* **What you are asked to do**
Keep to one stretch of the data below, the lines from the one with "Definition Cadd (a" up to and including the one with "mkM2 (Cmul c", and return that stretch exactly.

____

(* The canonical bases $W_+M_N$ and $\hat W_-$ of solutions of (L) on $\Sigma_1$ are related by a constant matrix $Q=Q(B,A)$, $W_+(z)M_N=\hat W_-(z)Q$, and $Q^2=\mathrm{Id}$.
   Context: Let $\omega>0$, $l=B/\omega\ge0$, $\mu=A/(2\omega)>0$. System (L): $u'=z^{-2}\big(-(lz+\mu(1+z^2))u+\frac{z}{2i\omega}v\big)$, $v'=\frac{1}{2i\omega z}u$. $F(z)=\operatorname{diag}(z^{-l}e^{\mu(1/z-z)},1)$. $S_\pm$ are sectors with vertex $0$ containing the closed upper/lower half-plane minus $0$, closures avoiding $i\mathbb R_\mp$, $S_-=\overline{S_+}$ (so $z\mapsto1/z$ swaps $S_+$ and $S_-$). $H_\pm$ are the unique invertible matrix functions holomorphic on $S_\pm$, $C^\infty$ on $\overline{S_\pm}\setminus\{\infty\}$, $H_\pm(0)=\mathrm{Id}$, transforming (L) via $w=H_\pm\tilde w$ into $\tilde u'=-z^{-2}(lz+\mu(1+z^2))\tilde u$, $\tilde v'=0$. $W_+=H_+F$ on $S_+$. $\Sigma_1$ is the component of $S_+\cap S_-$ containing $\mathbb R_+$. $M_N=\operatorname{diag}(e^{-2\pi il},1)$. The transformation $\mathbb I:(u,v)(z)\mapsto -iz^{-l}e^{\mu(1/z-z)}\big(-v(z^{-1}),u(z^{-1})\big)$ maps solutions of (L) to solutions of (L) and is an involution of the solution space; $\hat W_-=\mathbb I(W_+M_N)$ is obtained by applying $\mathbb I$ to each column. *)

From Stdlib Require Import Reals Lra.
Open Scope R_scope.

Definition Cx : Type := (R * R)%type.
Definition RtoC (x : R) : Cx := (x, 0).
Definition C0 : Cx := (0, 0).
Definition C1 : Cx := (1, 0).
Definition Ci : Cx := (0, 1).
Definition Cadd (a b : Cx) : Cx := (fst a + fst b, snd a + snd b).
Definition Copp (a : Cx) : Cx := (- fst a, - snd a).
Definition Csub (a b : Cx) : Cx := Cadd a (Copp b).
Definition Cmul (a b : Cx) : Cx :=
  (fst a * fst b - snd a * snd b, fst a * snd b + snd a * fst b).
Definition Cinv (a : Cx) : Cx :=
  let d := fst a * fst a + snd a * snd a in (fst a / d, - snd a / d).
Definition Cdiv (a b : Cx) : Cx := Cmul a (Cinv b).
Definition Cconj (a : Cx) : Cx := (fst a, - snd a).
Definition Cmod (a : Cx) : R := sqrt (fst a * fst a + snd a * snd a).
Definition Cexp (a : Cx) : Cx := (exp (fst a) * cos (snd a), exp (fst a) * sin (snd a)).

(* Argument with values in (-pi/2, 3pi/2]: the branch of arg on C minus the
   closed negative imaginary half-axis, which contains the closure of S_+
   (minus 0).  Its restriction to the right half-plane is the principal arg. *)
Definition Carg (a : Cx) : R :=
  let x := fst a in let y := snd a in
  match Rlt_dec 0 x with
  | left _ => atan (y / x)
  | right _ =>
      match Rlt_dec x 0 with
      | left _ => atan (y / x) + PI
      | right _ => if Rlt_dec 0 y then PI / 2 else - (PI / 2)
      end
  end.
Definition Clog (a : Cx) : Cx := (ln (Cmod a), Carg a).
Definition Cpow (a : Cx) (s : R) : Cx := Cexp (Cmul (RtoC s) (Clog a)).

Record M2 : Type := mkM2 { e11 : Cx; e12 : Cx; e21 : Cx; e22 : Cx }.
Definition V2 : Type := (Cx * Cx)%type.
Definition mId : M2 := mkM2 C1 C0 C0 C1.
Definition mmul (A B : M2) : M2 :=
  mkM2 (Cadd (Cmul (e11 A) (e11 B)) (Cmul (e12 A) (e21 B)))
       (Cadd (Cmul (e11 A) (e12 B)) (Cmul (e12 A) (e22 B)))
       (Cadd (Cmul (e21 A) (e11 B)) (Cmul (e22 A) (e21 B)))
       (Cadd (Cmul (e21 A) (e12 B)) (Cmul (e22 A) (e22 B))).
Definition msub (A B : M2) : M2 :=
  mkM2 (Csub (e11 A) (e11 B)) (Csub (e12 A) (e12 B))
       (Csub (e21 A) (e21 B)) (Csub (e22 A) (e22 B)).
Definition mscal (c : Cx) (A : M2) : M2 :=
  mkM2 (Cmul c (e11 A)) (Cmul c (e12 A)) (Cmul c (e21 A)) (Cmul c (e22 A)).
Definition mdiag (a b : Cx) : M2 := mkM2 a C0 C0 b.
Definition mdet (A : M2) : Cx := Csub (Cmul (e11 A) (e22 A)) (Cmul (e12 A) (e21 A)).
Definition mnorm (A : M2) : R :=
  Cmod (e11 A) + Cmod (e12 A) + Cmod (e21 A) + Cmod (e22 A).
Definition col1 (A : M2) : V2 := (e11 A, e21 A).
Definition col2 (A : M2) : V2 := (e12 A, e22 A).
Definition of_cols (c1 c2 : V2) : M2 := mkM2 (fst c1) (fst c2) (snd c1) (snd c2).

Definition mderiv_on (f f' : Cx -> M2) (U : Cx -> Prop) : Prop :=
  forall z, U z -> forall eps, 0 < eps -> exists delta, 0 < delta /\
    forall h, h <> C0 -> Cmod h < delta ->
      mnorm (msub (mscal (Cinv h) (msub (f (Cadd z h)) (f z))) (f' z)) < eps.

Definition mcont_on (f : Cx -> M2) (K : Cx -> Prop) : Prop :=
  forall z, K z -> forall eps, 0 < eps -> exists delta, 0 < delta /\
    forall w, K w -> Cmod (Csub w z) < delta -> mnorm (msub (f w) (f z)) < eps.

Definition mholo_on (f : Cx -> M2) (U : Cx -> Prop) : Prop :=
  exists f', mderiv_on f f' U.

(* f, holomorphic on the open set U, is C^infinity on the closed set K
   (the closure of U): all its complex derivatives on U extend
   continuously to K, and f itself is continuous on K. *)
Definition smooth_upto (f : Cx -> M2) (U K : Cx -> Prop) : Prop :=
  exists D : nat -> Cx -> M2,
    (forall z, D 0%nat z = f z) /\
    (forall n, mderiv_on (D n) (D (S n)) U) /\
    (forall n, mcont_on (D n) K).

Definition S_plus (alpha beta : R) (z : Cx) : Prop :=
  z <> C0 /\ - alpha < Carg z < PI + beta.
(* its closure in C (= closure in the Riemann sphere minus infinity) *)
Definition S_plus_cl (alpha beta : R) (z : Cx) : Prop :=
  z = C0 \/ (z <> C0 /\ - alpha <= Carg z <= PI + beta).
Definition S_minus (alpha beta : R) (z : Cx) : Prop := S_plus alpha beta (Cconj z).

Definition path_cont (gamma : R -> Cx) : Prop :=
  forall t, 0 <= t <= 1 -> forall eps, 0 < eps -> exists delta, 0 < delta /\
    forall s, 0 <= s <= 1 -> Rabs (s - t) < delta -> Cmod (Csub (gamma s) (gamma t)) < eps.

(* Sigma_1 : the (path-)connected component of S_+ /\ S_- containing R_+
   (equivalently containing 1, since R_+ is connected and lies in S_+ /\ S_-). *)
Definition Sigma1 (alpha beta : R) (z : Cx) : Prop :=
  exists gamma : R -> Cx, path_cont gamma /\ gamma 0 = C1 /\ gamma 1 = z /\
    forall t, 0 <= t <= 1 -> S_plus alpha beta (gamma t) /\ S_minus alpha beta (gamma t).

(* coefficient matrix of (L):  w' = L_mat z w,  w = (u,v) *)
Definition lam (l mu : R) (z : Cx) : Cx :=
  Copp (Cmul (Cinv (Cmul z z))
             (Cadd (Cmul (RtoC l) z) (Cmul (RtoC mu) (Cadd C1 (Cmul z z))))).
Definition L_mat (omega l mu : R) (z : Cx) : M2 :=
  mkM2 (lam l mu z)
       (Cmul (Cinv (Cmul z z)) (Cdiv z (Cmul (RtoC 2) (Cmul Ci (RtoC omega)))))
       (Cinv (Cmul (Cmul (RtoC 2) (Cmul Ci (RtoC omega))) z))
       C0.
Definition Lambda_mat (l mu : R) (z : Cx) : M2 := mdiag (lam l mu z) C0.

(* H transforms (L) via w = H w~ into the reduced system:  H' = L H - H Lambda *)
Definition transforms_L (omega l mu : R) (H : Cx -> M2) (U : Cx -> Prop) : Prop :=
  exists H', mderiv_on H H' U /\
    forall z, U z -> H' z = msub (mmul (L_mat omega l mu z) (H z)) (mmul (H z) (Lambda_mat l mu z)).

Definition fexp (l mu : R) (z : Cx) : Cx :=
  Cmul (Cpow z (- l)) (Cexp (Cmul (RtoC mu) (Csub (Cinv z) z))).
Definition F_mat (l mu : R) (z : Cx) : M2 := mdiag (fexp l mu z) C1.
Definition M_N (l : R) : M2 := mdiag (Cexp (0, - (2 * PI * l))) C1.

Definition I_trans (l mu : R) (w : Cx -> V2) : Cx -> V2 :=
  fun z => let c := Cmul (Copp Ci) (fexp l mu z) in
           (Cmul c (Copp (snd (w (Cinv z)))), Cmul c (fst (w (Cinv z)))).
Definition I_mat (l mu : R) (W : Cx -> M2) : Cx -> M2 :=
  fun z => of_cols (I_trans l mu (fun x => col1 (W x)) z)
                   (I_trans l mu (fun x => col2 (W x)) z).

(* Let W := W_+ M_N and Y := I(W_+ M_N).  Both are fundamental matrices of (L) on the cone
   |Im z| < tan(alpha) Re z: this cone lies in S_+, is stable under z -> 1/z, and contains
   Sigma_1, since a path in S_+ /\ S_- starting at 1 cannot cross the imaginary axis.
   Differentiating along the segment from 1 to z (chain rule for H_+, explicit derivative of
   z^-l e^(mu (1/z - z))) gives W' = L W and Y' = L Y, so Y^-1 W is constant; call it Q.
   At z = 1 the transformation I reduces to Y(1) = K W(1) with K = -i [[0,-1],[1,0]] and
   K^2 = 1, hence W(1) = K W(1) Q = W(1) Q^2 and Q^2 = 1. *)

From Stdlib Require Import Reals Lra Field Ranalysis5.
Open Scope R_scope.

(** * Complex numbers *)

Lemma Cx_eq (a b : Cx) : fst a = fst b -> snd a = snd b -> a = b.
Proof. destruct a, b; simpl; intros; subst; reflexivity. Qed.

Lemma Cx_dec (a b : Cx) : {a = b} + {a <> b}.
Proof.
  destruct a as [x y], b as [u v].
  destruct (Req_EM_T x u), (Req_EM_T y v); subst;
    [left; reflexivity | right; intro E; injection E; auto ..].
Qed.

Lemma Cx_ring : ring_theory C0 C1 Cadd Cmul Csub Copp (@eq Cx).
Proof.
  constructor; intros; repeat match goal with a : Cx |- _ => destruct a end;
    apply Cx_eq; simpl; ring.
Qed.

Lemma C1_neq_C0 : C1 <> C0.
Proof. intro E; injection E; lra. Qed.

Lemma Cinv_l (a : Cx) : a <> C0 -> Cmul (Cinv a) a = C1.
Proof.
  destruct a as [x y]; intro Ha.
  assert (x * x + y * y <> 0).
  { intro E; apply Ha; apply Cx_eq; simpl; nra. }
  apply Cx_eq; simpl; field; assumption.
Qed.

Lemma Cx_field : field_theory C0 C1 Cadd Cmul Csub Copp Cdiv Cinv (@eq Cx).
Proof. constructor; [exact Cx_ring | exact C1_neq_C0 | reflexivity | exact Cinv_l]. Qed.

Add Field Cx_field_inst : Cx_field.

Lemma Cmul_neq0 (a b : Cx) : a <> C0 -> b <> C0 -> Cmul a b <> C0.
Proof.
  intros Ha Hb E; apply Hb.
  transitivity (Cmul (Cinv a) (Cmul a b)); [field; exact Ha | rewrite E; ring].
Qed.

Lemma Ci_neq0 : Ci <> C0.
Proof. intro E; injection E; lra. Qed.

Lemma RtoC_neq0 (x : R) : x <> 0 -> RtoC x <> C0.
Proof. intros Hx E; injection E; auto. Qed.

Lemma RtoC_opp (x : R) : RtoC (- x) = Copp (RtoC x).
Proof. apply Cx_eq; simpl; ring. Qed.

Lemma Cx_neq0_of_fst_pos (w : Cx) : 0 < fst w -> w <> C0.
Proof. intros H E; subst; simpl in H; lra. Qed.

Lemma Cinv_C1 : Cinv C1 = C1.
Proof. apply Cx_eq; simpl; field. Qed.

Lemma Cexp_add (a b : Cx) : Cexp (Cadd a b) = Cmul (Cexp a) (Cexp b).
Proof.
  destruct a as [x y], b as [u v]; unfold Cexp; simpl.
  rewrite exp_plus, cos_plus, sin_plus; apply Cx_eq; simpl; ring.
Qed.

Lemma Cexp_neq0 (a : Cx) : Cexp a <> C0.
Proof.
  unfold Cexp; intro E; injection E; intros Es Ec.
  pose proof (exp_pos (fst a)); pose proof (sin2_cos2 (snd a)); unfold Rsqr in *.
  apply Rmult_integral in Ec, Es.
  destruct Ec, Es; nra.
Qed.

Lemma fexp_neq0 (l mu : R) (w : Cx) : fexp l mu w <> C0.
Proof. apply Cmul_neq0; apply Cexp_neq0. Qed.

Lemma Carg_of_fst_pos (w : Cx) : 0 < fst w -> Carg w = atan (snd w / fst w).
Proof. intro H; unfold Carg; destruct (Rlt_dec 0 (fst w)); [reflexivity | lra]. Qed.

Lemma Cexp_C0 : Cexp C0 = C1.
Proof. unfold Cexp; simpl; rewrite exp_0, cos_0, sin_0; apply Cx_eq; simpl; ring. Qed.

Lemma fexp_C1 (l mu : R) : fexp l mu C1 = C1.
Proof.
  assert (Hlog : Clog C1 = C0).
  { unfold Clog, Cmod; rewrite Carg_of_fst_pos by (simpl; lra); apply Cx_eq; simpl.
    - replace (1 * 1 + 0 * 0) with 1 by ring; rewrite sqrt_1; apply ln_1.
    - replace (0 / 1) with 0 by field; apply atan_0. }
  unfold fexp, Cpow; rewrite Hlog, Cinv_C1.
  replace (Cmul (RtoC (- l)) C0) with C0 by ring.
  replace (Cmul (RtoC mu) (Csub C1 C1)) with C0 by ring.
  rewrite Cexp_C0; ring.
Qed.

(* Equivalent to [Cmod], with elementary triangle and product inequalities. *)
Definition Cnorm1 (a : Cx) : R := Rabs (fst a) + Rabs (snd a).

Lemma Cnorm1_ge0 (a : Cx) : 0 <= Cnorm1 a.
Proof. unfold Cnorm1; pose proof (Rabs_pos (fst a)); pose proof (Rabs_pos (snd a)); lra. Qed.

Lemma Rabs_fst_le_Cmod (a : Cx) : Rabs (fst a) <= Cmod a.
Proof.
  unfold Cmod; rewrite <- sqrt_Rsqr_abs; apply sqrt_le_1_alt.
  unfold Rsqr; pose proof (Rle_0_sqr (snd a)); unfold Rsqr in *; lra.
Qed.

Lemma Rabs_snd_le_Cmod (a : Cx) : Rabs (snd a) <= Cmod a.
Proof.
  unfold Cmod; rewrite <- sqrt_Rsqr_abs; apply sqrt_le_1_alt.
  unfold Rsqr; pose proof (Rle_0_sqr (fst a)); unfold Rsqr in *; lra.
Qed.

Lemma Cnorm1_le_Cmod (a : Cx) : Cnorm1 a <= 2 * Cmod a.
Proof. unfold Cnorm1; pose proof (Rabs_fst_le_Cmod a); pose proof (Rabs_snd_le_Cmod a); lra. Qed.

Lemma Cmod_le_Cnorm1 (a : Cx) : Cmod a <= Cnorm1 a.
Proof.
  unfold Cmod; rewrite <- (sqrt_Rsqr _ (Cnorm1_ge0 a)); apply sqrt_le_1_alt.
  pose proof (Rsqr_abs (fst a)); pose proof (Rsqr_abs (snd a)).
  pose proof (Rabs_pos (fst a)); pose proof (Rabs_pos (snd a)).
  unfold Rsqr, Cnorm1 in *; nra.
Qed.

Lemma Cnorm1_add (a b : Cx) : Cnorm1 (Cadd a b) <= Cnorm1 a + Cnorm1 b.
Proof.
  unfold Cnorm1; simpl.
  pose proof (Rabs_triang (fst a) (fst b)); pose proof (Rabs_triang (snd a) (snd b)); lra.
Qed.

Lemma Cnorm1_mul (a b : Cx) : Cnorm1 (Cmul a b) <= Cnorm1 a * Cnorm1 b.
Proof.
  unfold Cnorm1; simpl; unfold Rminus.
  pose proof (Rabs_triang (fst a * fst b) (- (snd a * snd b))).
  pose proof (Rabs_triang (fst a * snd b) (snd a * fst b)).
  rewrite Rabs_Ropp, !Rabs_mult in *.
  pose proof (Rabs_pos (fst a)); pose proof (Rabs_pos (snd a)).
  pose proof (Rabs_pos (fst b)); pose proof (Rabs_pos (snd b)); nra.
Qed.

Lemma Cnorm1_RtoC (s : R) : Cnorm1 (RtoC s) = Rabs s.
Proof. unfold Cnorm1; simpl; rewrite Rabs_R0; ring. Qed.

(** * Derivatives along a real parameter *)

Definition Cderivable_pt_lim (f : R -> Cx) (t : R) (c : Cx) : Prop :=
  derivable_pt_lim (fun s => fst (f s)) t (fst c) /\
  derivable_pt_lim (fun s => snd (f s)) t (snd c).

____

* **Task response**
Definition Cadd (a b : Cx) : Cx := (fst a + fst b, snd a + snd b).
Definition Copp (a : Cx) : Cx := (- fst a, - snd a).
Definition Csub (a b : Cx) : Cx := Cadd a (Copp b).
Definition Cmul (a b : Cx) : Cx :=
  (fst a * fst b - snd a * snd b, fst a * snd b + snd a * fst b).
Definition Cinv (a : Cx) : Cx :=
  let d := fst a * fst a + snd a * snd a in (fst a / d, - snd a / d).
Definition Cdiv (a b : Cx) : Cx := Cmul a (Cinv b).
Definition Cconj (a : Cx) : Cx := (fst a, - snd a).
Definition Cmod (a : Cx) : R := sqrt (fst a * fst a + snd a * snd a).
Definition Cexp (a : Cx) : Cx := (exp (fst a) * cos (snd a), exp (fst a) * sin (snd a)).

(* Argument with values in (-pi/2, 3pi/2]: the branch of arg on C minus the
   closed negative imaginary half-axis, which contains the closure of S_+
   (minus 0).  Its restriction to the right half-plane is the principal arg. *)
Definition Carg (a : Cx) : R :=
  let x := fst a in let y := snd a in
  match Rlt_dec 0 x with
  | left _ => atan (y / x)
  | right _ =>
      match Rlt_dec x 0 with
      | left _ => atan (y / x) + PI
      | right _ => if Rlt_dec 0 y then PI / 2 else - (PI / 2)
      end
  end.
Definition Clog (a : Cx) : Cx := (ln (Cmod a), Carg a).
Definition Cpow (a : Cx) (s : R) : Cx := Cexp (Cmul (RtoC s) (Clog a)).

Record M2 : Type := mkM2 { e11 : Cx; e12 : Cx; e21 : Cx; e22 : Cx }.
Definition V2 : Type := (Cx * Cx)%type.
Definition mId : M2 := mkM2 C1 C0 C0 C1.
Definition mmul (A B : M2) : M2 :=
  mkM2 (Cadd (Cmul (e11 A) (e11 B)) (Cmul (e12 A) (e21 B)))
       (Cadd (Cmul (e11 A) (e12 B)) (Cmul (e12 A) (e22 B)))
       (Cadd (Cmul (e21 A) (e11 B)) (Cmul (e22 A) (e21 B)))
       (Cadd (Cmul (e21 A) (e12 B)) (Cmul (e22 A) (e22 B))).
Definition msub (A B : M2) : M2 :=
  mkM2 (Csub (e11 A) (e11 B)) (Csub (e12 A) (e12 B))
       (Csub (e21 A) (e21 B)) (Csub (e22 A) (e22 B)).
Definition mscal (c : Cx) (A : M2) : M2 :=
  mkM2 (Cmul c (e11 A)) (Cmul c (e12 A)) (Cmul c (e21 A)) (Cmul c (e22 A)).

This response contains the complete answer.